Most recently, in May, 2011, the wings were cut off a massive Navy RA-3, the largest aircraft which can take off and land on an aircraft carrier, so it could be hauled up to Atwater from Southern California on a flatbed truck. A group of museum volunteers, working in a hangar at the former Castle Air Force Base, will spend the next two years restoring the decommissioned plane, donated by the Navy. According to volunteer Charles Stice, "This is a reconnaissance version, completely different inside from the bomber." He points out the windows on the underside of the plane's nose used for photographing enemy targets.

The plane's serial number will be used to trace its complete history before moving it to the nearby museum for display as part of the impressive collection.

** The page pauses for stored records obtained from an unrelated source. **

(* Under the standing setting and Assumptions (A1), (A2), (A3) described in the context, for every $T>0$, $$\lim_{\epsilon\to 0}\ \sup_{0\le t\le T}|X(t)-\bar X^{\rm c}(t)|=0\quad\text{almost surely.}$$
   Context: Setting. Let $(\Omega,\mathcal F,P)$ be a complete probability space, $\epsilon_0>0$ fixed and $\epsilon\in(0,\epsilon_0)$ a small parameter. Consider the discrete-time system $$X_{k+1}=X_k+\epsilon f(X_k,Y_{k+1}),\quad k=0,1,2,\dots,\qquad X_0=x\in\mathbb R^n \text{ (deterministic)},$$ where $\{Y_k\}$ is an $\mathbb R^m$-valued stochastic sequence with state space $S_Y\subset\mathbb R^m$, and $f:\mathbb R^n\times\mathbb R^m\to\mathbb R^n$. (A1) $f(x,y)$ is continuous in $(x,y)$; for each $x$, $y\mapsto f(x,y)$ is bounded; and $f$ is locally Lipschitz in $x$ uniformly in $y$: for every compact $D\subset\mathbb R^n$ there is $k_D$ with $|f(x_1,y)-f(x_2,y)|\le k_D|x_1-x_2|$ for all $x_1,x_2\in D$, $y\in S_Y$. (A2) $\{Y_k\}$ is ergodic with invariant distribution $\mu$, in the sense that for each $x$, $\bar f(x):=\int_{S_Y}f(x,y)\mu(dy)=\lim_{N\to\infty}\frac1{N+1}\sum_{k=0}^N f(x,Y_{k+1})$ almost surely. Average systems: the discrete average system $\bar X^{\rm d}_{k+1}=\bar X^{\rm d}_k+\epsilon\bar f(\bar X^{\rm d}_k)$, and the continuous average system $\frac{d}{dt}\bar X^{\rm c}(t)=\bar f(\bar X^{\rm c}(t))$, both with initial value $\bar X^{\rm d}_0=\bar X^{\rm c}(0)=X_0=x$. (A3) The continuous average system has a solution on $[0,\infty)$. Continuous-time versions: with $t_k=\epsilon k$, define the piecewise constant processes $X(t)=X_k$ and $\bar X^{\rm d}(t)=\bar X^{\rm d}_k$ for $t_k\le t<t_{k+1}$ (these depend on $\epsilon$). *)

From Stdlib Require Import Reals.
From mathcomp Require Import all_boot.
Set Implicit Arguments.
Open Scope R_scope.

Definition Vec (n : nat) := 'I_n -> R.
Definition vzero {n : nat} : Vec n := fun _ => 0.
Definition vadd {n : nat} (u v : Vec n) : Vec n := fun i => u i + v i.
Definition vsub {n : nat} (u v : Vec n) : Vec n := fun i => u i - v i.
Definition vscale {n : nat} (c : R) (v : Vec n) : Vec n := fun i => c * v i.
Definition sqnorm {n : nat} (v : Vec n) : R :=
  foldr (fun i acc => v i * v i + acc) 0 (enum 'I_n).
Definition vnorm {n : nat} (v : Vec n) : R := sqrt (sqnorm v).

Fixpoint vsum {n : nat} (g : nat -> Vec n) (N : nat) : Vec n :=
  match N with
  | O => vzero
  | S N' => vadd (vsum g N') (g N')
  end.

Definition vconv {n : nat} (u : nat -> Vec n) (l : Vec n) : Prop :=
  forall e, 0 < e -> exists N0 : nat, forall N : nat, (N0 <= N)%nat ->
    vnorm (vsub (u N) l) < e.

Definition ergavg {n m : nat} (f : Vec n -> Vec m -> Vec n) (Y : nat -> Vec m)
  (x : Vec n) (N : nat) : Vec n :=
  vscale (/ INR (N + 1)) (vsum (fun k => f x (Y (k + 1)%nat)) (N + 1)).

Fixpoint Xseq {n m : nat} (f : Vec n -> Vec m -> Vec n) (Y : nat -> Vec m)
  (eps : R) (x : Vec n) (k : nat) : Vec n :=
  match k with
  | O => x
  | S k' => let p := Xseq f Y eps x k' in vadd p (vscale eps (f p (Y (S k'))))
  end.

(* Piecewise constant interpolation X(t) = X_k for eps k <= t < eps (k+1);
   Int_part is the floor function. *)
Definition Xcont {n m : nat} (f : Vec n -> Vec m -> Vec n) (Y : nat -> Vec m)
  (eps : R) (x : Vec n) (t : R) : Vec n :=
  Xseq f Y eps x (Z.to_nat (Int_part (t / eps))).

(* Null sets of a complete probability space, abstracted as a proper
   sigma-ideal: closed under subsets (completeness) and countable unions,
   and the whole space is not null. *)
Definition null_ideal {Omega : Type} (null : (Omega -> Prop) -> Prop) : Prop :=
  (forall A B : Omega -> Prop, null B -> (forall w, A w -> B w) -> null A) /\
  (forall A : nat -> Omega -> Prop, (forall k, null (A k)) ->
      null (fun w => exists k, A k w)) /\
  ~ null (fun _ => True).

Definition almost_surely {Omega : Type} (null : (Omega -> Prop) -> Prop)
  (Q : Omega -> Prop) : Prop :=
  exists N : Omega -> Prop, null N /\ forall w, ~ N w -> Q w.

From Stdlib Require Import Reals Lra Lia ZArith Classical.
From mathcomp Require Import all_boot.
Open Scope R_scope.

(* Off a null set, the ergodic averages converge simultaneously at the
   countably many grid points Xc (j / (M + 1)).  Along such a path, freeze the
   vector field at the last grid point z_i before time i eps: the error
   X_k - Xc (k eps), minus the accumulated noise eps * sum_(i<k) (f (z_i, Y_(i+1))
   - fbar z_i), satisfies a discrete Gronwall recursion whose forcing is of the
   order of the grid mesh and of eps.  On each of the finitely many grid points
   below T the noise is an ergodic sum with N eps bounded, hence small for small
   eps, and each change of grid point costs at most twice that bound.  All
   estimates use the l1 norm; fbar inherits the local Lipschitz constant of f
   as a limit of ergodic averages. *)

Section L1Norm.
Context {n : nat}.
Implicit Types u v w : Vec n.

Definition l1norm v : R := foldr (fun i acc => Rabs (v i) + acc) 0 (enum 'I_n).

Lemma l1norm_ge0 v : 0 <= l1norm v.
Proof.
rewrite /l1norm; elim: (enum 'I_n) => [|i l IH] /=; first lra.
have := Rabs_pos (v i); lra.
Qed.

Lemma l1norm_le_lin u v w a b : 0 <= a -> 0 <= b ->
  (forall i, Rabs (u i) <= a * Rabs (v i) + b * Rabs (w i)) ->
  l1norm u <= a * l1norm v + b * l1norm w.
Proof.
move=> ha hb H; rewrite /l1norm; elim: (enum 'I_n) => [|i l IH] /=; first lra.
have := H i; rewrite !Rmult_plus_distr_l; lra.
Qed.

Lemma l1norm_triangle u v w :
  (forall i, Rabs (u i) <= Rabs (v i) + Rabs (w i)) -> l1norm u <= l1norm v + l1norm w.
Proof.
move=> H; rewrite -(Rmult_1_l (l1norm v)) -(Rmult_1_l (l1norm w)).
by apply: l1norm_le_lin; try lra; move=> i; rewrite !Rmult_1_l.
Qed.

Lemma l1norm_scale u v a : 0 <= a ->
  (forall i, Rabs (u i) <= a * Rabs (v i)) -> l1norm u <= a * l1norm v.
Proof.
move=> ha H; rewrite -(Rplus_0_r (a * _)) -(Rmult_0_l (l1norm v)).
by apply: l1norm_le_lin; try lra; move=> i; rewrite Rmult_0_l Rplus_0_r.
Qed.

Lemma l1norm_le_const u C : (forall i, Rabs (u i) <= C) -> l1norm u <= INR n * C.
Proof.
move=> H; rewrite /l1norm -[X in INR X](size_enum_ord n).
elim: (enum 'I_n) => [|i l IH] /=; first lra.
change (Rabs (u i) + foldr (fun i acc => Rabs (u i) + acc) 0 l <= INR (size l).+1 * C).
rewrite S_INR; have := H i; lra.
Qed.

Lemma l1norm_eq0 u : (forall i, u i = 0) -> l1norm u = 0.
Proof.
move=> H; rewrite /l1norm; elim: (enum 'I_n) => [|i l IH] //=.
by rewrite IH H Rabs_R0 Rplus_0_r.
Qed.

Lemma coord_le_l1norm v i : Rabs (v i) <= l1norm v.
Proof.
have : i \in enum 'I_n by rewrite mem_enum.
rewrite /l1norm; elim: (enum 'I_n) => [|a l IH] //=.
have ge0 : 0 <= foldr (fun i acc => Rabs (v i) + acc) 0 l.
  elim: l {IH} => [|b l IHl] /=; [lra | have := Rabs_pos (v b); lra].
rewrite in_cons => /orP [/eqP ->|/IH]; first lra.
have := Rabs_pos (v a); lra.
Qed.

Lemma coord_le_vnorm v i : Rabs (v i) <= vnorm v.
Proof.
have : i \in enum 'I_n by rewrite mem_enum.
rewrite /vnorm /sqnorm -sqrt_Rsqr_abs => hi; apply: sqrt_le_1_alt; rewrite /Rsqr.
elim: (enum 'I_n) hi => [|a l IH] //=.
have ge0 : 0 <= foldr (fun i acc => v i * v i + acc) 0 l.
  elim: l {IH} => [|b l IHl] /=; [lra | have := Rle_0_sqr (v b); rewrite /Rsqr; lra].
rewrite in_cons => /orP [/eqP ->|/IH]; first lra.
have := Rle_0_sqr (v a); rewrite /Rsqr; lra.
Qed.

Lemma vnorm_le_l1norm v : vnorm v <= l1norm v.
Proof.
rewrite /vnorm -(sqrt_square (l1norm v)); last exact: l1norm_ge0.
apply: sqrt_le_1_alt; rewrite /sqnorm /l1norm.
elim: (enum 'I_n) => [|i l IH] /=; first lra.
have ge0 : 0 <= foldr (fun i acc => Rabs (v i) + acc) 0 l.
  elim: l {IH} => [|b l IHl] /=; [lra | have := Rabs_pos (v b); lra].
have := Rabs_pos (v i).
have -> : v i * v i = Rabs (v i) * Rabs (v i) by rewrite -Rabs_mult Rabs_pos_eq //; nra.
nra.
Qed.

Lemma l1norm_le_vnorm v : l1norm v <= INR n * vnorm v.
Proof. exact/l1norm_le_const/coord_le_vnorm. Qed.

Lemma l1norm_vsub_triangle u v w : l1norm (vsub u w) <= l1norm (vsub u v) + l1norm (vsub v w).
Proof.
apply: l1norm_triangle => i; rewrite /vsub.
have -> : u i - w i = (u i - v i) + (v i - w i) by ring.
exact: Rabs_triang.
Qed.

Lemma l1norm_vsub_sym u v : l1norm (vsub u v) = l1norm (vsub v u).
Proof.
rewrite /l1norm; elim: (enum 'I_n) => [|i l IH] //=.
by rewrite IH /vsub Rabs_minus_sym.
Qed.

Lemma l1norm_vsub_le u v : l1norm (vsub u v) <= l1norm u + l1norm v.
Proof.
apply: l1norm_triangle => i; rewrite /vsub -(Rabs_Ropp (v i)); exact: Rabs_triang.
Qed.

Lemma l1norm_le_vsub u v : l1norm u <= l1norm (vsub u v) + l1norm v.
Proof.
apply: l1norm_triangle => i; rewrite /vsub.
by have := Rabs_triang (u i - v i) (v i); rewrite Rplus_comm Rplus_minus.
Qed.

Lemma l1norm_vscale v c : 0 <= c -> l1norm (vscale c v) <= c * l1norm v.
Proof.
move=> hc; apply: l1norm_scale => // i; rewrite /vscale Rabs_mult Rabs_pos_eq //; lra.
Qed.

Lemma l1norm_sum5 u a b c d e :
  (forall i, u i = a i + b i + c i - d i - e i) ->
  l1norm u <= l1norm a + l1norm b + l1norm c + l1norm d + l1norm e.
Proof.
move=> H; rewrite /l1norm; elim: (enum 'I_n) => [|i l IH] /=; first lra.
rewrite H; suff : Rabs (a i + b i + c i - d i - e i) <=
  Rabs (a i) + Rabs (b i) + Rabs (c i) + Rabs (d i) + Rabs (e i) by lra.
have := Rabs_triang (a i + b i + c i - d i) (- e i).
have := Rabs_triang (a i + b i + c i) (- d i).
have := Rabs_triang (a i + b i) (c i); have := Rabs_triang (a i) (b i).
rewrite !Rabs_Ropp /Rminus; lra.
Qed.

Lemma vconv_l1norm {u : nat -> Vec n} {l} : vconv u l ->
  forall e, 0 < e -> exists N0, forall N, (N0 <= N)%N -> l1norm (vsub (u N) l) <= e.
Proof.
move=> H e he; have hn : 0 < INR n + 1 by have := pos_INR n; lra.
have [N0 HN] := H (e / (INR n + 1)) (Rdiv_lt_0_compat _ _ he hn).
exists N0 => N /HN hN.
have := l1norm_le_vnorm (vsub (u N) l); have := pos_INR n.
have : (INR n + 1) * vnorm (vsub (u N) l) <= (INR n + 1) * (e / (INR n + 1)).
  apply: Rmult_le_compat_l; lra.
have -> : (INR n + 1) * (e / (INR n + 1)) = e by field; lra.
have := sqrt_pos (sqnorm (vsub (u N) l)); rewrite -/(vnorm _); nra.
Qed.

Other aircraft on display include the Lockheed SR-71 Blackbird spy plane, used from 1964-1990, and reportedly still the fastest aircraft in the world; one of four remaining Convair B-36 Peacemakers, the reconnaissance version of the largest bomber ever built, which entered the service in 1948; the Curtiss C-46 Commando which carried troops and cargo over the eastern Himalayas ("The Hump") from India to China during WW II; and the Douglas B-18 Bolo - the first aircraft to sink a U-Boat and the most important bomber in North America between 1937-1940. And there are plenty of others.

The Castle Air Museum is open seven days a week, from 10 a.m. to 4 p.m. from November to April; and from 9 a.m. to 5 p.m. from May to October. There is an entrance fee. Guided tours are available with advance notice. The museum is closed on New Year's Day, Easter, Thanksgiving and Christmas. For more information, call (209) 723-2182.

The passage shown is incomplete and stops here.